The Technical Magic:
The ReActAgent maintains an internal conversation buffer. Each tool call becomes a function call in the LLM conversation, and each result becomes an observation. The agent's llm_request_wrappers intercept tool calls, execute them via the toolset, and inject results back into the message history.
# Inside ReActAgent (simplified)
class ReActAgent(Agent):
async def handle_request(self, ctx: ProcessContext):
messages = ctx.payload.messages
for iteration in range(self.config.max_iterations):
# LLM decides: answer or use tool?
response = await self.llm.generate(messages)

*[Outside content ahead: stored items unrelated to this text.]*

(* Property (3) also covers two sets of the same level. *)
Lemma char_member_nested a : forall l l' U W, (1 <= l <= l')%N ->
  Ucov l' a U -> Ucov l a W -> U `&` W !=set0 -> U `<=` W.
Proof.
move=> l l' U W /andP[l_ge1 le_ll'] UU WW [p [Up Wp]].
have [->|ne_UW] := pselect (U = W); first by [].
have s_gt0 : 0 < gamma * r ^+ l' by rewrite mulr_gt0 // exprn_gt0.
case: Ucov_char => _ [_ [_ [_ [_ [_ [separated _]]]]]].
case: (separated a l' l U W l_ge1 le_ll' UU WW (or_intror ne_UW)) => [disj|sub].
  have : (nbhd d (gamma * r ^+ l') U `&` W) p.
    by split=> //; exact: (sub_nbhd d_metric s_gt0).
  by rewrite disj.
by move=> u Uu; apply/sub/(sub_nbhd d_metric s_gt0).
Qed.

Variable f : A -> Z -> nat -> set Z.
Hypothesis f_closest : closest_choice d Ucov f.
Hypothesis lambda_ge0 : 0 <= lambda.
Hypothesis r_le1 : r <= 1.
Hypothesis r_small : (lambda + 1) * r < delta.

(* f_a(x) has diameter <= r^j and lies within lambda r^j of z by (2). *)
Lemma closest_sub_mball a z j l : (1 <= l)%N -> (l < j)%N ->
  f a z j `<=` mball d z (delta * r ^+ l).
Proof.
move=> l_ge1 lt_lj; have j_ge1 : (1 <= j)%N := leq_trans l_ge1 (ltnW lt_lj).
case: Ucov_char => _ [_ [_ [diam_le_r [_ [near _]]]]].
have [f_mem f_min] := f_closest a z j_ge1.
have [U [UU dist_U]] := near j a z j_ge1.
apply: (sub_mball_dist_to d_metric (char_member_nonempty j_ge1 f_mem)).
  exact: diam_le_r f_mem.
have := mul_exprn_lt (addr_ge0 lambda_ge0 ler01) r_gt0 r_le1 r_small lt_lj.
have := f_min U UU; lra.
Qed.

Lemma exists_below_level_closest z j l : (0 < #|A|)%N -> (1 <= l <= j)%N ->
  exists a, below_level Ucov a l (j, f a z j).
Proof.
move=> A_gt0 /andP[l_ge1 le_lj]; have j_ge1 := leq_trans l_ge1 le_lj.
have [lt_lj|le_jl] := ltnP l j; last first.
  have /card_gt0P[a _] := A_gt0; exists a.
  have -> : l = j by apply/eqP; rewrite eqn_leq le_lj le_jl.
  exact: below_level_member j_ge1 (f_closest a z j_ge1).1.
case: Ucov_char => _ [_ [_ [_ [ball_sub _]]]].
have [b [W [WW ball_W]]] := ball_sub l z l_ge1.
exists b; apply/asboolP; split; first exact: ltnW.
exists W; split; first by rewrite Ulev_pos.
by apply: subset_trans ball_W; exact: closest_sub_mball.
Qed.

Lemma exists_color_walks_long z j i : (0 < #|A|)%N -> (1 <= j)%N -> (i <= j)%N ->
  exists a (n : nat), (j - i <= #|A| * n)%N /\
  forall s, twalk Ucov a (j, f a z j) s -> ((last (j, f a z j) s).1 <= i)%N ->
    (n <= size s)%N.
Proof.
move=> A_gt0 j_ge1 le_ij; pose levels := iota i.+1 (j - i).
pose seen b l := below_level Ucov b l (j, f b z j).
have levels_seen : {in levels, forall l, exists b, seen b l}.
  move=> l; rewrite mem_iota => /andP[lt_il lt_lj].
  by apply: exists_below_level_closest A_gt0 _; lia.
have [a count_a] := @pigeonhole_count A nat seen levels A_gt0 levels_seen.
exists a, (count (seen a) levels); split.
  by rewrite -(size_iota i.+1 (j - i)).
move=> s walk_s last_le.
apply: (count_below_level_le_size (@char_member_nonempty a)
                                  (@char_member_nested a) (iota_uniq _ _) _ walk_s).
by move=> l; rewrite mem_iota => /andP[lt_il _]; exact: leq_ltn_trans last_le lt_il.
Qed.

End CharacteristicSequence.

Theorem lemma3p5 (R : realType) (A : finType) (delta gamma lambda : R) :
  (0 < #|A|)%N -> 0 < delta < 1 -> 0 < gamma < 1 -> 1 <= lambda ->
  exists r0 : R, 0 < r0 /\
  forall r : R, 0 < r < r0 -> lambda * r < delta ->
  forall (Z : Type) (d : Z -> Z -> R),
    is_metric d -> mbounded d -> 0 < diam_space d -> r < diam_space d ->
  forall Ucov : nat -> A -> set (set Z),
    char_seq d delta gamma lambda r Ucov ->
  forall f : A -> Z -> nat -> set Z, closest_choice d Ucov f ->
  forall (z : Z) (j i : nat), (1 <= j)%N -> (i <= j)%N ->
  exists (a : A) (M : int),
    ((j - i + 1)%:R / #|A|%:R <= (M + 1)%:~R :> R) /\
    (* dist_{T_a}(f_a(x), V_i^a) >= M *)
    (forall v, tvert Ucov a v -> v.1 = i ->
       forall s, twalk Ucov a (j, f a z j) s -> last (j, f a z j) s = v ->
       (M <= (size s)%:Z)%R) /\
    (* |f_a(x) v| >= M when v in V_k^a (k <= i) is lowest on the geodesic *)
    (forall k, (k <= i)%N -> forall v, tvert Ucov a v -> v.1 = k ->
       forall s, tgeodesic Ucov a (j, f a z j) s -> last (j, f a z j) s = v ->
       levels_ge k (j, f a z j) s ->
       (M <= (size s)%:Z)%R).
Proof.
move=> A_gt0 /andP[delta_gt0 delta_lt1] /andP[gamma_gt0 _] lambda_ge1.
have lambda1_gt0 : 0 < lambda + 1 by lra.
exists (delta / (lambda + 1)); split; first by rewrite divr_gt0.
move=> r /andP[r_gt0 lt_r_r0] _ Z d d_metric _ _ _ Ucov Ucov_char f f_closest z j i j_ge1 le_ij.
have r_small : (lambda + 1) * r < delta by rewrite mulrC -ltr_pdivlMr.
have r_le1 : r <= 1 by nra.
have [|a [n [bound walks_long]]] := exists_color_walks_long d_metric Ucov_char
  gamma_gt0 r_gt0 f_closest _ r_le1 r_small z A_gt0 j_ge1 le_ij; first by lra.
exists a, n; split; [|split].
- rewrite ler_pdivrMr ?ltr0n // -PoszD -pmulrn -natrM ler_nat.
  by move: bound A_gt0; move: #|A| => m; nia.
- move=> v _ v_lev s walk_s last_v; rewrite lez_nat.
  by apply: walks_long walk_s _; rewrite last_v v_lev.
- move=> k le_ki v _ v_lev s [walk_s _] last_v _; rewrite lez_nat.
  by apply: walks_long walk_s _; rewrite last_v v_lev.
Qed.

if response.has_tool_calls():
# Execute tool synchronously
tool_result = self.toolset.execute(
response.tool_name,
response.tool_args
)
# Append to conversation
messages.append(ToolMessage(result=tool_result))
else:
# Done! Send final answer
ctx.send(response)
break
Everything happens in a tight loop, inside the agent's processor. No messages leave the agent boundary during iteration. Only the final answer is sent.
Act II: The Distributed Choreography
Routing-Based ReAct Loop
Now imagine a different kind of investigation—an intelligence operation. The analyst sends queries to field agents. Field agents gather intel and report back. The analyst synthesizes, forms new questions, and dispatches new requests. Each step is a discrete handoff, tracked and traceable.

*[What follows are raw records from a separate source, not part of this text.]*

(* Otherwise kappa is the union of the [0, u n], each of size at most nu,
   so |kappa| <= omega * nu = nu. *)
Lemma omega_bounded (u : nat -> K) : exists b, forall n, lt (u n) b.
Proof.
  apply NNPP. intro Hunb.
  assert (Hcover : forall y, exists n, le lt y (u n)).
  { intro y. apply NNPP. intro Hy. apply Hunb. exists y. intro n. apply NNPP. intro Hn.
    apply Hy. exists n. exact (wo_not_lt_le _ _ Hn). }
  destruct (choice _ Hcover) as [blk Hblk].
  destruct (choice _ closed_seg_le_nu) as [G HG].
  apply Hsucc2.
  apply (card_le_trans _ (fun p : nat * K => lt (snd p) nu)); [|exact card_le_nat_seg].
  exists (fun y => (blk y, G (u (blk y)) y)). split.
  - intros y _. exact (proj1 (HG _) y (Hblk y)).
  - intros y y' _ _ E. injection E as Eb Ey. rewrite <- Eb in Ey.
    apply (proj2 (HG (u (blk y))) y y' (Hblk y)); [rewrite Eb; apply Hblk|exact Ey].
Qed.

Lemma card_full_unbounded (A : K -> Prop) :
  card_eq A (@setT K) -> forall y, exists a, A a /\ lt y a.
Proof.
  intros [_ HA] y. apply NNPP. intro Hn.
  destruct (omega_bounded (fun _ => y)) as [b Hb].
  apply Hsucc2. apply (card_le_trans _ A); [exact HA|].
  apply (card_le_trans _ (seg lt b)); [|exact (Hsucc1 b)].
  exists (fun a => a). split; [|auto]. intros a Ha.
  apply (wo_le_lt_trans a y b); [|exact (Hb 0)].
  apply wo_not_lt_le. intro Hya. apply Hn. eauto.
Qed.

End SuccessorCardinal.
End InfiniteCardinal.

Definition acc_point (A : K -> Prop) (a : K) : Prop :=
  forall b, lt b a -> exists x, A x /\ lt b x /\ lt x a.

Section Clubs.
Context (Homega : forall u : nat -> K, exists b, forall n, lt (u n) b)
        (A : K -> Prop) (HA : forall y, exists a, A a /\ lt y a).

Lemma acc_points_unbounded x : exists al, lt x al /\ acc_point A al.
Proof.
  destruct (choice _ HA) as [nx Hnx].
  pose (u := fun n => Nat.iter (S n) nx x).
  destruct (wo_least (fun y => forall n, lt (u n) y) (Homega u)) as [al [Hub Hleast]].
  exists al. split.
  - exact (wo_trans x (u 0) al (proj2 (Hnx x)) (Hub 0)).
  - intros b Hb.
    assert (Hn : ~ forall n, lt (u n) b) by (intro H; exact (wo_le_lt_asym _ _ (Hleast b H) Hb)).
    apply not_all_ex_not in Hn. destruct Hn as [n Hn]. apply wo_not_lt_le in Hn.
    exists (u (S n)). split; [exact (proj1 (Hnx (u n)))|split; [|exact (Hub (S n))]].
    exact (wo_le_lt_trans b (u n) (u (S n)) Hn (proj2 (Hnx (u n)))).
Qed.

Lemma club_acc_points_above z : club lt (fun al => lt z al /\ acc_point A al).
Proof.
  split.
  - intro x.
    assert (Hm : exists m, le lt x m /\ le lt z m).
    { destruct (wo_trichotomy x z) as [H|[->|H]]; [exists z|exists z|exists x]; unfold le; auto. }
    destruct Hm as [m [Hxm Hzm]]. destruct (acc_points_unbounded m) as [al [Hmal Hal]].
    exists al. split; [split; [|exact Hal]|]; eapply wo_le_lt_trans; eauto.
  - intros a [x Hx] Hcl. split.
    + destruct (Hcl x Hx) as [y [[Hzy _] [_ Hya]]]. exact (wo_trans _ _ _ Hzy Hya).
    + intros b Hb. destruct (Hcl b Hb) as [y [[_ Hy] [Hby Hya]]].
      destruct (Hy b Hby) as [c [Ac [Hbc Hcy]]].
      exists c. split; [exact Ac|split; [exact Hbc|exact (wo_trans _ _ _ Hcy Hya)]].
Qed.

End Clubs.

(* i.e. Y has order type at most theta *)
Definition small_initial_segments (theta : K) (Y : K -> Prop) (a : K) : Prop :=
  forall b, lt b a -> exists g, lt g theta /\ card_le (fun y => Y y /\ lt y b) (seg lt g).

(* Keep the d in D lying above every element of D enumerated (by pi) before d:
   those below b are all enumerated before some fixed element of D above b. *)
Lemma cofinal_small_initial_segments al theta :
  cof_is lt al theta ->
  exists D, cofinal_in lt D al /\ card_le D (seg lt theta) /\ small_initial_segments theta D al.
Proof.
  intros [[D [[HDal HDcof] [[pi [Hpi Hpiinj]] _]]] _].
  exists (fun d => D d /\ forall d', D d' -> lt (pi d') (pi d) -> lt d' d).
  split; [split|split].
  - intros d [Dd _]. exact (HDal d Dd).
  - intros x Hx. destruct (HDcof x Hx) as [d1 [Dd1 Hxd1]].
    destruct (wo_least (fun j => exists d, D d /\ le lt x d /\ pi d = j)
                (ex_intro _ _ (ex_intro _ d1 (conj Dd1 (conj Hxd1 eq_refl)))))
      as [j [[d [Dd [Hxd <-]]] Hmin]].
    exists d. split; [split; [exact Dd|]|exact Hxd].
    intros d' Dd' Hlt. apply (wo_lt_le_trans d' x d); [|exact Hxd].
    apply NNPP. intro Hn. apply (wo_le_lt_asym (pi d) (pi d')); [|exact Hlt].
    apply Hmin. exists d'. split; [exact Dd'|split; [exact (wo_not_lt_le _ _ Hn)|reflexivity]].
  - exists pi. split; [intros d [Dd _]; exact (Hpi d Dd)|].
    intros d d' [Dd _] [Dd' _]. exact (Hpiinj d d' Dd Dd').
  - intros b Hb. destruct (HDcof b Hb) as [d0 [Dd0 Hbd0]].
    exists (pi d0). split; [exact (Hpi d0 Dd0)|]. exists pi. split.
    + intros d [[Dd Hrec] Hdb].
      destruct (wo_trichotomy (pi d) (pi d0)) as [H|[H|H]]; [exact H|exfalso|exfalso].
      * assert (d = d0) as -> by exact (Hpiinj d d0 Dd Dd0 H).
        exact (wo_le_lt_asym _ _ Hbd0 Hdb).
      * apply (wo_le_lt_asym b d); [|exact Hdb].
        right. exact (wo_le_lt_trans _ _ _ Hbd0 (Hrec d0 Dd0 H)).
    + intros d d' [[Dd _] _] [[Dd' _] _]. exact (Hpiinj d d' Dd Dd').
Qed.

Lemma acc_point_cofinal_subset A al theta :
  acc_point A al -> cof_is lt al theta ->
  exists Y, subset Y A /\ cofinal_in lt Y al /\ card_eq Y (seg lt theta)
            /\ small_initial_segments theta Y al.
Proof.
  intros Hacc Hcof.
  destruct (cofinal_small_initial_segments al theta Hcof) as [D [[HDal HDcof] [HDth HDsmall]]].
  assert (Hnext : forall d, exists a, lt d al -> A a /\ lt d a /\ lt a al).
  { intro d. destruct (classic (lt d al)) as [Hd|Hd]; [|exists d; tauto].
    destruct (Hacc d Hd) as [a Ha]. exists a. intros _. exact Ha. }
  destruct (choice _ Hnext) as [nx Hnx].
  pose (Y := fun a => exists d, D d /\ a = nx d).
  assert (HY : forall a, Y a -> A a /\ lt a al).
  { intros a [d [Dd ->]]. destruct (Hnx d (HDal d Dd)) as [Ha [_ Hal]]. auto. }
  assert (HYcof : cofinal_in lt Y al).
  { split; [intros a Ha; exact (proj2 (HY a Ha))|].
    intros x Hx. destruct (HDcof x Hx) as [d [Dd Hxd]].
    destruct (Hnx d (HDal d Dd)) as [_ [Hd _]].
    exists (nx d). split; [exists d; auto|right; exact (wo_le_lt_trans x d (nx d) Hxd Hd)]. }
  exists Y. split; [intros a Ha; exact (proj1 (HY a Ha))|].
  split; [exact HYcof|]. split; [split|].
  - apply (card_le_trans Y D); [|exact HDth].
    apply (card_le_of_surj Y D nx (inhabits al)). intros a [d [Dd ->]]. eauto.
  - exact (proj2 Hcof Y HYcof).
  - intros b Hb. destruct (HDsmall b Hb) as [g [Hg Hsmall]]. exists g. split; [exact Hg|].
    apply (card_le_trans _ (fun d => D d /\ lt d b)); [|exact Hsmall].
    apply (card_le_of_surj _ _ nx (inhabits al)). intros a [[d [Dd ->]] Hab].
    exists d. split; [split; [exact Dd|]|reflexivity].
    exact (wo_trans d (nx d) b (proj1 (proj2 (Hnx d (HDal d Dd)))) Hab).
Qed.

Lemma d_eq_enumeration theta nu :
  d_eq lt theta nu ->
  exists xs : K -> (K -> Prop), forall e, sized_subset lt nu theta e ->
    exists i, lt i nu /\ subset (xs i) e /\ card_le (seg lt theta) (xs i).
Proof.
  intros [[X [[HXsized HXcover] [[h [Hh Hhinj]] _]]] _].
  pose (xs := fun i => epsilon (inhabits (fun _ : K => False)) (fun x => X x /\ h x = i)).
  exists xs. intros e He. destruct (HXcover e He) as [x [Xx Hxe]].
  assert (Hxs : xs (h x) = x).
  { assert (Hspec : X (xs (h x)) /\ h (xs (h x)) = h x) by (apply epsilon_spec; eauto).
    apply Hhinj; tauto. }
  exists (h x). rewrite Hxs.
  split; [exact (Hh x Xx)|split; [exact Hxe|exact (proj2 (proj2 (HXsized x Xx)))]].
Qed.

Section Ladders.
Context (nu theta : K) (Htheta : is_cardinal lt theta) (G : K -> K -> K)
  (HG : forall a, (forall x, seg lt a x -> seg lt nu (G a x))
                  /\ (forall x y, seg lt a x -> seg lt a y -> G a x = G a y -> x = y))
  (xs : K -> (K -> Prop))
  (Hxs : forall e, sized_subset lt nu theta e ->
           exists i, lt i nu /\ subset (xs i) e /\ card_le (seg lt theta) (xs i)).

That's the routing-based pattern.
How It Works:
Instead of one agent iterating internally, you orchestrate the loop through guild routing:
# 1. Main orchestrator agent with tool specs (not executable tools!)
orchestrator_spec = (
AgentBuilder(LLMAgent)
.set_id("orchestrator_agent")
.set_properties(LLMAgentConfig(
model="gpt-4",
llm_request_wrappers=[
ToolsManagerPlugin(
toolset=ToolspecsListProvider(
tools=[
ToolSpec(
name="kb_search",
description="Search knowledge base",
parameter_class=KBSearchRequest
)
]
)
)
]
))
.build_spec()
)
# 2. Routing rule: intercept tool calls and forward to KB agent
kb_request_route = (
RouteBuilder(AgentTag(name="Orchestrator Agent"))

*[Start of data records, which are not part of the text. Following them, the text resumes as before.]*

Theorem proposition7p4
  (sts : seq step) (s p q : nat) (k : nat -> int) (mf : int)
  (gs l : Vtx (build sts) s -> rat) (i : nat) (a : int) :
  min_res_steps sts ->
  is_mf (build sts) mf ->
  (0 < s)%N -> (0 < p)%N -> (0 < q)%N -> coprime p q ->
  1 <= k 1%N -> (forall j, (2 <= j <= s)%N -> 2 <= k j) ->
  cf (kseq k 1 s) = p%:R / q%:R ->
  is_gs (build sts) s k mf gs ->
  is_lprime (build sts) s k mf a gs l ->
  0 <= a -> a < p%:Z ->
  (* (a) *)
  ((forall v, 0 <= zcyc (build sts) s i (useq k s p q mf a i) v) /\
   (forall j, (1 <= j <= s)%N ->
      bform (build sts) s k mf (fun v => zcyc (build sts) s i (useq k s p q mf a i) v + l v) (bchain (build sts) s j) <= 0)) /\
  (* (b) *)
  (forall ub : nat -> int,
     (forall v, 0 <= zcyc (build sts) s i ub v) ->
     (forall j, (1 <= j <= s)%N -> bform (build sts) s k mf (fun v => zcyc (build sts) s i ub v + l v) (bchain (build sts) s j) <= 0) ->
     u1bound p q mf a i <= ub 1%N /\
     (forall j, (1 < j <= s)%N -> ubound k s a j (ub j.-1) <= ub j)).
Proof.
move=> _ [mv [mv_last mv_div]] s_gt0 p_gt0 q_gt0 co_pq _ k_ge2 cf_pq gs_dual l_min a_ge0 a_lt_p.
have v0_last : val (Ordinal (rg_last_lt_build sts)) = rg_last (build sts) by [].
have [nn1 nn2] := nn1_nn2_of_cf k_ge2 s_gt0 q_gt0 co_pq cf_pq.
have nn_pos t : (1 <= t <= s.+1)%N -> 0 < nn k t s.
  by case: t => [|[|t]] // t_bd; [rewrite nn1 ltz_nat | apply: nn_gt0].
have nn_gt0_2 := nn_gt0 k_ge2.
have a_lt_nn : a < nn k 1 s by rewrite nn1.
have tail1 := aprime1 nn_gt0_2 a_ge0 a_lt_nn.
have tail_lt := aprime_lt_nn nn_gt0_2 a_ge0 a_lt_nn.
have mf_ge0 := mf_ge0 v0_last l_min mv_last mv_div.
have bform_z := bform_zcyc_chain v0_last l_min mv_last mv_div gs_dual (N := fun t => nn k t s)
  (nn_succ k s) (nn_succ2 k s) nn_pos (nn_rec k_ge2) (aa_ge0 nn_gt0_2 a_ge0 a_lt_nn) tail1 tail_lt.
split; [split|].
- case=> [y|t]; first by rewrite /zcyc; case: ifP.
  rewrite /zcyc ler0z (useq_ge0 i s_gt0 mf_ge0 a_lt_p nn1 nn2 nn_pos tail1 tail_lt) //.
  by rewrite ltn_ord.
- move=> j j_bd; rewrite bform_z // lerz0 subr_le0.
  exact: (useq_chain_form_le i s_gt0 mf_ge0 a_lt_p nn1 nn2 nn_pos (nn_rec k_ge2) tail1).
- move=> ub _ ub_chain.
  apply: (ubound_le_of_chain_form s_gt0 mf_ge0 a_lt_p nn1 nn2 nn_pos (nn_rec k_ge2) tail1).
  by move=> t t_bd; have := ub_chain t t_bd; rewrite bform_z // lerz0 subr_le0.
Qed.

.on_message_format(KBSearchRequest)
.set_destination_topics("KB")
.set_payload_transformer(
output_type=SearchQuery,
payload_xform=JxScript(JObj({
"query": "$.text",
"limit": 10
}))
)
.build()
)
# 3. Routing rule: send KB results back to orchestrator
kb_response_route = (
RouteBuilder(AgentTag(name="KBAgent"))
.on_message_format(SearchResults)
.set_destination_topics("BUILD") # Back to orchestrator!
.set_payload_transformer(
output_type=ChatCompletionRequest,
payload_xform=JxScript(JObj({
"messages": [JObj({
"role": "user",
"content": [JObj({
"type": "text",
"text": JExpr("'Knowledge Base Results: ' & $string($.results)")
})]
})]
}))
)
.build()
)
User: "Create a report to improve customer retention"

The Technical Magic:
The orchestrator doesn't execute tools—it just declares them via ToolSpec. When the LLM "calls" a tool, it generates a message (like KBSearchRequest). The guild's routing system intercepts this message, transforms it, and forwards it to the appropriate agent. That agent processes and responds. The routing system catches the response, transforms it back into LLM format, and routes it to the orchestrator as a new input.
The loop happens between agents, not inside one agent.
The Face-Off: Internal vs. Routing
Architectural Differences
| Dimension | Internal Loop (ReActAgent) | Routing Loop |
|---|---|---|
| Loop Location | Inside agent processor | Across guild routing system |
| Tool Execution | Direct subprocess calls | Messages to other agents |
| State | Conversation buffer in memory | Guild message history + state |
| Observability | Single message trace | Every step is a message |
| Composition | Single agent + toolset | Multiple agents + routing rules |
| Iteration Control | max_iterations config |
Routing rules + agent logic |
| Parallelization | Sequential tool calls | Can parallelize via routing |
| Debugging | Check LLM conversation context | Inspect message flow + routing |
| Resumability | Restart from scratch | Can resume from any message |
Performance Characteristics
Internal Loop (ReActAgent):
Latency per iteration:
LLM call: 1-3s
Tool execution: 50-500ms
Context building: <10ms
─────────────────────────────
Total per loop: 1-4s
For 5 iterations: ~5-20s total
- Tight loop: Minimal overhead between iterations
- Single LLM context: No message serialization between tools
- Fast for simple tools: Subprocess overhead dominates only for very quick tools
Routing Loop:
Latency per iteration:
LLM call: 1-3s
Message routing: 10-50ms
Transformation: 5-20ms
Agent processing: 100ms-10s (depends on agent)
Message routing: 10-50ms
Transformation: 5-20ms
─────────────────────────────
Total per loop: 1-15s
For 5 iterations: ~5-75s total
- Message overhead: Each hop adds serialization + routing time
- Variable agent latency: "Tool" agents can be slow (LLM-based, API calls, etc.)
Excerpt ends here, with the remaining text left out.